Saturday, January 18, 2014

A dissertation on the progress conditions of LongAdder



On a more "academic" note, I have some minor doubts on whether LongAdder::increment() may actually be blocking, the reasoning being the following:

Suppose that a thread has decided to create a new larger cells[] and as such, has set cellsBusy to 1, created a new cells[] with the first half of the entries copied from the old one, and the second half still at null, and then for some reason this thread goes to sleep for a very long time, leaving cellsBusy at 1.
Some other thread doing an increment() may end up on one of the new entries for which there is no Cell instance, and because cellsBusy is 1, it can't put in its own Cell instance, so, it will call "h = advanceProbe(h)" to get another index of cells[] through "a = cells[(n-1) & h]".
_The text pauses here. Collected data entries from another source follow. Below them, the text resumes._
(* Let $T$ be a decomposition tree of a distance-hereditary graph $G$, and let $v$ be an internal node of $T$ labeled $\oplus$ with left child $v_l$ and right child $v_r$, such that property (P) holds at $v_l$ and at $v_r$. Assume that $\hat\alpha(v_r)\le\hat\beta(v_l)$, and that neither ($\hat\alpha(v_l)=\hat\beta(v_r)=0$) nor ($\hat\alpha(v_r)=\hat\beta(v_l)=0$) holds. Then $\hat\beta(v)=\hat\beta(v_l)-\hat\alpha(v_r)$.
   Context: All graphs are finite, simple, undirected. For a graph $H$ and $S\subseteq V(H)$, $N_H[S]$ is $S$ together with all vertices adjacent to a vertex of $S$, and $H[S]$ is the induced subgraph. Graphs carry a ''twin set'': a single-vertex graph on $x$ has twin set $\{x\}$. For vertex-disjoint graphs $G_l,G_r$ with twin sets $TS(G_l),TS(G_r)$: the true twin operation $G_l\otimes G_r$ has vertex set $V(G_l)\cup V(G_r)$, edge set $E(G_l)\cup E(G_r)\cup\{uw: u\in TS(G_l), w\in TS(G_r)\}$ and twin set $TS(G_l)\cup TS(G_r)$; the false twin operation $G_l\odot G_r$ has vertex set $V(G_l)\cup V(G_r)$, edge set $E(G_l)\cup E(G_r)$, twin set $TS(G_l)\cup TS(G_r)$; the attachment operation $G_l\oplus G_r$ has the same vertex and edge sets as $G_l\otimes G_r$ and twin set $TS(G_l)$. A decomposition tree $T$ of $G$ is a rooted binary tree whose leaves are in bijection with $V(G)$, each internal node having a left and a right child and a label in $\{\otimes,\odot,\oplus\}$; for each node $v$ define $\hat G(v)$ and $\hat{TS}(v)$ recursively: for a leaf $x$, the single-vertex graph on $x$ with twin set $\{x\}$; for an internal node $v$ with label $\circ$ and children $v_l,v_r$, $\hat G(v)=\hat G(v_l)\circ\hat G(v_r)$ with the corresponding twin set; one requires $\hat G(\text{root})=G$. Then $\hat G(v)$ is the subgraph of $G$ induced by the set $\hat V(v)$ of leaves below $v$. For a node $u$ and $0\le k\le|\hat{TS}(u)|$, call $S\subseteq\hat V(u)$ $k$-feasible if $\hat V(u)\setminus\hat{TS}(u)\subseteq N_{\hat G(u)}[S]$ and there is $X\subseteq S\cap\hat{TS}(u)$ with $|X|=k$ such that $\hat G(u)[S\setminus X]$ has a perfect matching. $\hat\gamma_k(u)$ is the minimum size of a $k$-feasible set. $\hat{min}(u)=\min\{\hat\gamma_k(u):0\le k\le|\hat{TS}(u)|\}$, and $\hat\alpha(u)$, $\hat\beta(u)$ are the smallest and the largest $k$ with $\hat\gamma_k(u)=\hat{min}(u)$. Property (P) holds at $u$ if for every $0\le k\le|\hat{TS}(u)|$: $\hat\gamma_k(u)=\hat{min}(u)+\hat\alpha(u)-k$ when $k\le\hat\alpha(u)$; $\hat\gamma_k(u)=\hat{min}(u)+k-\hat\beta(u)$ when $k\ge\hat\beta(u)$; $\hat\gamma_k(u)=\hat{min}(u)$ when $\hat\alpha(u)<k<\hat\beta(u)$ and $k-\hat\alpha(u)$ is even; and $\hat\gamma_k(u)=\hat{min}(u)+1$ otherwise. *)

From mathcomp Require Import all_boot.
Set Implicit Arguments. Unset Strict Implicit. Unset Printing Implicit Defensive.

(* A graph G is a finite vertex type V with an adjacency relation e : rel V,
   assumed symmetric and irreflexive (simple undirected graph). *)

Definition walk_in (V : finType) (e : rel V) (S : {set V}) (x y : V) (k : nat) : Prop :=
  exists p : seq V, [/\ path e x p, last x p = y, all (fun z => z \in S) (x :: p)
                      & size p <= k].

(* distance-hereditary: every connected induced subgraph G[S] is isometric,
   i.e. d_{G[S]}(x,y) <= d_G(x,y) (the converse inequality is automatic). *)
Definition dist_hereditary (V : finType) (e : rel V) : Prop :=
  forall S : {set V},
    (forall x y, x \in S -> y \in S -> exists k, walk_in e S x y k) ->
    forall x y k, x \in S -> y \in S -> walk_in e [set: V] x y k -> walk_in e S x y k.

Inductive dop := OTrue (* true twin, ⊗ *) | OFalse (* false twin, ⊙ *) | OAttach (* ⊕ *).

Inductive dtree (V : Type) := Leaf of V | Node of dop & dtree V & dtree V.
Arguments Leaf {V}. Arguments Node {V}.

Section Hat.
Variable V : finType.

Fixpoint leaves (t : dtree V) : seq V :=
  match t with Leaf x => [:: x] | Node _ l r => leaves l ++ leaves r end.

Fixpoint hatV (t : dtree V) : {set V} :=
  match t with Leaf x => [set x] | Node _ l r => hatV l :|: hatV r end.

Fixpoint hatTS (t : dtree V) : {set V} :=
  match t with
  | Leaf x => [set x]
  | Node OAttach l _ => hatTS l
  | Node _ l r => hatTS l :|: hatTS r
  end.

Fixpoint hatE (t : dtree V) : rel V :=
  match t with
  | Leaf _ => fun _ _ => false
  | Node OFalse l r => fun u w => hatE l u w || hatE r u w
  | Node _ l r => fun u w =>
      [|| hatE l u w, hatE r u w,
          (u \in hatTS l) && (w \in hatTS r) | (u \in hatTS r) && (w \in hatTS l)]
  end.

Fixpoint is_subtree (s t : dtree V) : Prop :=
  s = t \/ match t with Leaf _ => False | Node _ l r => is_subtree s l \/ is_subtree s r end.

Definition decomp_tree (e : rel V) (T : dtree V) : Prop :=
  [/\ uniq (leaves T), (forall x, x \in leaves T) & (forall u w, hatE T u w = e u w)].

Definition cnbhd (u : dtree V) (S : {set V}) : {set V} :=
  S :|: [set w in hatV u | [exists s in S, hatE u s w]].

Definition has_pm (u : dtree V) (W : {set V}) : Prop :=
  exists M : {set {set V}},
    (forall m, m \in M -> exists x y, [/\ x != y, m = [set x; y], x \in W, y \in W & hatE u x y])
    /\ (forall x, x \in W -> #|[set m in M | x \in m]| = 1).

Definition kfeasible (u : dtree V) (k : nat) (S : {set V}) : Prop :=
  [/\ S \subset hatV u, hatV u :\: hatTS u \subset cnbhd u S &
      exists X : {set V}, [/\ X \subset S :&: hatTS u, #|X| = k & has_pm u (S :\: X)]].

Definition gamma_is (u : dtree V) (k m : nat) : Prop :=
  (exists S, kfeasible u k S /\ #|S| = m) /\ (forall S, kfeasible u k S -> m <= #|S|).

Definition min_is (u : dtree V) (m : nat) : Prop :=
  (exists k, k <= #|hatTS u| /\ gamma_is u k m) /\
  (forall k m', k <= #|hatTS u| -> gamma_is u k m' -> m <= m').

Definition alpha_is (u : dtree V) (a : nat) : Prop :=
  a <= #|hatTS u| /\ (exists m, min_is u m /\ gamma_is u a m) /\
  (forall k m, k <= #|hatTS u| -> min_is u m -> gamma_is u k m -> a <= k).

Definition beta_is (u : dtree V) (b : nat) : Prop :=
  b <= #|hatTS u| /\ (exists m, min_is u m /\ gamma_is u b m) /\
  (forall k m, k <= #|hatTS u| -> min_is u m -> gamma_is u k m -> k <= b).

Definition propP (u : dtree V) : Prop :=
  exists mn a b, [/\ min_is u mn, alpha_is u a, beta_is u b &
    forall k, k <= #|hatTS u| ->
      gamma_is u k (if k <= a then mn + a - k
                    else if b <= k then mn + k - b
                    else if ~~ odd (k - a) then mn
                    else mn.+1)].
End Hat.

From mathcomp Require Import all_boot zify.
From Stdlib Require Import Classical.
Set Implicit Arguments. Unset Strict Implicit. Unset Printing Implicit Defensive.

(* At an attachment node v = vl (+) vr the twin set of v is TS(vl), and the only edges
   between the two sides join TS(vl) to TS(vr).  A k-feasible set S of v therefore splits
   along the sides: the matching edges crossing between them have their ends in the twin
   sets, and declaring their j left ends and j' <= j right ends unmatched leaves a
   (k + j)-feasible set of vl and a j'-feasible set of vr.  Conversely, given a
   bl-feasible set of vl with unmatched set Xl and an ar-feasible set of vr with unmatched
   set Xr, matching Xr with ar vertices of Xl yields a (bl - ar)-feasible set of v; bl > 0
   is what dominates TS(vr), which is no longer a twin set.  So min(v) = min(vl) + min(vr)
   is attained at bl - ar, and any k attaining it has k + j <= bl and ar <= j' <= j. *)

(* Proves a pointwise set identity: case on every membership of [x] in the goal, the
   relevant inclusions having been moved to the goal as premises. *)
Ltac membership_cases x :=
  repeat match goal with |- context [x \in ?A] => case: (x \in A) end;
  intros; repeat match goal with H : is_true true -> _ |- _ => specialize (H isT) end;
  done.

Section DecompositionTree.
Variable V : finType.
Implicit Types (t u : dtree V) (S : {set V}).

Lemma hatTS_subset t : hatTS t \subset hatV t.
Proof.
elim: t => [x|[] l IHl r IHr] //=; try exact: setUSS.
exact: subset_trans IHl (subsetUl _ _).
Qed.

Lemma hatE_hatV t x y : hatE t x y -> x \in hatV t.
Proof.
elim: t => [z|o l IHl r IHr] //=; rewrite inE.
have TSl := subsetP (hatTS_subset l) x; have TSr := subsetP (hatTS_subset r) x.
case: o => [|/orP[/IHl->|/IHr->]|]; rewrite ?orbT //;
  by case/or4P=> [/IHl->|/IHr->|/andP[/TSl->]|/andP[/TSr->]]; rewrite ?orbT.
Qed.

Lemma hatE_sym t : symmetric (hatE t).
Proof.
elim: t => [z|[] l IHl r IHr] x y //=; rewrite IHl IHr //;
  by rewrite (andbC (y \in hatTS l)) (andbC (y \in hatTS r)) (orbC (_ && _)).
Qed.

Lemma hatV_leaves t : hatV t =i leaves t.
Proof. by elim: t => [z|o l IHl r IHr] x; rewrite /= !inE ?IHl ?IHr ?mem_cat. Qed.

Lemma subtree_children_disjoint o l r t :
  is_subtree (Node o l r) t -> uniq (leaves t) -> [disjoint hatV l & hatV r].
Proof.
elim: t => [z|o' l' IHl r' IHr] /=; first by case.
rewrite cat_uniq => + /and3P[uniq_l' disj uniq_r'].
case=> [[_ -> ->]|[/IHl/(_ uniq_l')//|/IHr/(_ uniq_r')//]].
rewrite -setI_eq0; apply/eqP/setP => x; rewrite !inE !hatV_leaves.
by apply/andP => -[xl xr]; move/hasP: disj; apply; exists x.
Qed.

Lemma kfeasible_subset u k S : kfeasible u k S -> S \subset hatV u.
Proof. by case. Qed.

Lemma kfeasible_le_TS u k S : kfeasible u k S -> k <= #|hatTS u|.
Proof.
case=> _ _ [X [XS <- _]].
by apply: subset_leq_card; apply: subset_trans XS (subsetIr _ _).
Qed.

Lemma kfeasible_gamma u k S : kfeasible u k S -> exists2 m, m <= #|S| & gamma_is u k m.
Proof.
have [n] := ubnP #|S|; elim: n S => // n IHn S ltSn feasS.
have [[S' [feasS' ltS'S]]|noSmaller] :=
  classic (exists S', kfeasible u k S' /\ #|S'| < #|S|).
  have [m leS'm gm] := IHn S' (leq_trans ltS'S ltSn) feasS'.
  by exists m => //; apply: leq_trans leS'm (ltnW ltS'S).
exists #|S| => //; split; first by exists S.
by move=> S' feasS'; rewrite leqNgt; apply/negP => ltS'S; apply: noSmaller; exists S'.
Qed.

Lemma min_is_le u mn k S : min_is u mn -> kfeasible u k S -> mn <= #|S|.
Proof.
move=> [_ min_le] feasS; have [m leSm gm] := kfeasible_gamma feasS.
exact: leq_trans (min_le _ _ (kfeasible_le_TS feasS) gm) leSm.
Qed.

Lemma gamma_is_min u mn k S : min_is u mn -> kfeasible u k S -> #|S| = mn -> gamma_is u k mn.
Proof. by move=> minu feasS cardS; split=> [|S' /(min_is_le minu)//]; exists S. Qed.

Lemma min_is_uniq u m1 m2 : min_is u m1 -> min_is u m2 -> m1 = m2.
Proof.
move=> [[k1 [le1 g1]] min1] [[k2 [le2 g2]] min2].
by apply/eqP; rewrite eqn_leq (min1 _ _ le2 g2) (min2 _ _ le1 g1).
Qed.

End DecompositionTree.

Section Matching.
Variable V : finType.
Implicit Types (u c : dtree V) (W P Q : {set V}) (M : {set {set V}}).

(* [has_pm u W] is convertibly [exists M, perfect_matching u W M]. *)
Definition perfect_matching u W M :=
  (forall m, m \in M -> exists x y, [/\ x != y, m = [set x; y], x \in W, y \in W & hatE u x y])
  /\ (forall x, x \in W -> #|[set m in M | x \in m]| = 1).

Lemma perfect_matching_block_subset u W M m :
  perfect_matching u W M -> m \in M -> m \subset W.
Proof. by move=> [edges _] /edges[x [y [_ -> Wx Wy _]]]; rewrite subUset !sub1set Wx Wy. Qed.

Lemma sub_has_pm u c W : (forall x y, hatE u x y -> hatE c x y) -> has_pm u W -> has_pm c W.
Proof.
move=> uc [M [edges cover]]; exists M; split=> // m /edges[x [y [? ? ? ? /uc]]].
by exists x, y.
Qed.

Lemma has_pm_set0 u : has_pm u set0.
Proof. by exists set0; split=> ?; rewrite inE. Qed.

Lemma has_pm_pair u x y : x != y -> hatE u x y -> has_pm u [set x; y].
Proof.
move=> xy uxy; exists [set [set x; y]]; split=> [m|z zxy].
  by rewrite inE => /eqP->; exists x, y; rewrite !inE !eqxx orbT.
rewrite (_ : [set m in _ | _] = [set [set x; y]]) ?cards1 //.
by apply/setP=> m; rewrite !inE; case: eqP => // ->.
Qed.

Lemma has_pm_setU u W1 W2 :
  [disjoint W1 & W2] -> has_pm u W1 -> has_pm u W2 -> has_pm u (W1 :|: W2).
Proof.
move=> W12 [M1 pm1] [M2 pm2].
have blocks_at M M' W' x : perfect_matching u W' M' -> x \notin W' ->
    [set m in M :|: M' | x \in m] = [set m in M | x \in m].
  move=> pmM' xW'; apply/setP => m; rewrite !inE andb_orl.
  case: (boolP (m \in M')) => [|_]; last by rewrite orbF.
  move/(perfect_matching_block_subset pmM')/subsetP => mW'.
  by case: (boolP (x \in m)) => [/mW'|_]; rewrite ?(negbTE xW') ?andbF.
exists (M1 :|: M2); split=> [m|x].
  rewrite inE => /orP[/pm1.1|/pm2.1] [x [y [? ? Wx Wy ?]]]; exists x, y;
  by rewrite !inE ?Wx ?Wy ?orbT.
rewrite inE => /orP[xW1|xW2].
  by rewrite (blocks_at _ _ _ _ pm2) ?(disjointFr W12 xW1) ?pm1.2.
by rewrite setUC (blocks_at _ _ _ _ pm1) ?(disjointFl W12 xW2) ?pm2.2.
Qed.

Lemma has_pm_complete_bipartite u P Q : [disjoint P & Q] -> #|P| = #|Q| ->
  {in P & Q, forall p q, hatE u p q} -> has_pm u (P :|: Q).
Proof.
have [n] := ubnP #|Q|; elim: n P Q => // n IHn P Q ltQn PQ cardPQ adjPQ.
case: (set_0Vmem Q) => [Q0|[q Qq]].
  by move: cardPQ; rewrite Q0 cards0 setU0 => /cards0_eq->; apply: has_pm_set0.
have /set0Pn[p Pp] : P != set0 by rewrite -card_gt0 cardPQ card_gt0; apply/set0Pn; exists q.
have -> : P :|: Q = (P :\ p :|: Q :\ q) :|: [set p; q].
  by rewrite setUACA -!(setUC [set _]) !setD1K.
apply: has_pm_setU; last 1 first.
- by apply: has_pm_pair (adjPQ _ _ Pp Qq); apply: contraTneq Pp => ->; rewrite (disjointFl PQ Qq).
- by rewrite disjoint_sym disjoints_subset subUset !sub1set !inE !eqxx
    (disjointFr PQ Pp) (disjointFl PQ Qq) /= !andbF.
- apply: IHn.
  + by move: ltQn; rewrite (cardsD1 q Q) Qq.
  + exact: disjointW (subsetDl _ _) (subsetDl _ _) PQ.
  + by move: cardPQ; rewrite (cardsD1 p P) (cardsD1 q Q) Pp Qq => -[].
  + by move=> p' q' /setD1P[_ Pp'] /setD1P[_ Qq']; apply: adjPQ.
Qed.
The advanceProbe() function uses a XorShift algorithm which has a very high period (maybe close to 2^31 ?), but we only use the last few bits of h to get a new index of cells[]. One could theoretically conceive that there is some seed h for which all of the calls to advanceProbe() return an h whose least significant bits are such that the index always falls in one of the cells that
is not yet allocated, and in that case, longAccumulate() would be blocking.
Even if such a thing is possible, it will certainly be a very unlikely event, and having into consideration the definition of lock-free taken from "The Art of Multiprocessor Programming":
"A method is Lock-Free if it guarantees that infinitely often some thread calling this method finishes in a finite number of steps" where the key part here is the "infinitely often", I'm still leaning towards saying that LongAdder::increment() is Lock-Free.


So why is this long and boring incursion into the (theoretical) progress conditions of LongAdder?
Well, LongAdder is one of the possible readIndicator implementations for the Left-Right technique, but the problem is that LongAdder is (at best) Lock-Free so if we use it, we lose the Wait-Free progress condition on the read operations provided by Left-Right mechanism... what we gain is the code simplicity and low memory usage  (kind of), because most of the complexity of the readIndicator gets abtracted away in the code for LongAdder.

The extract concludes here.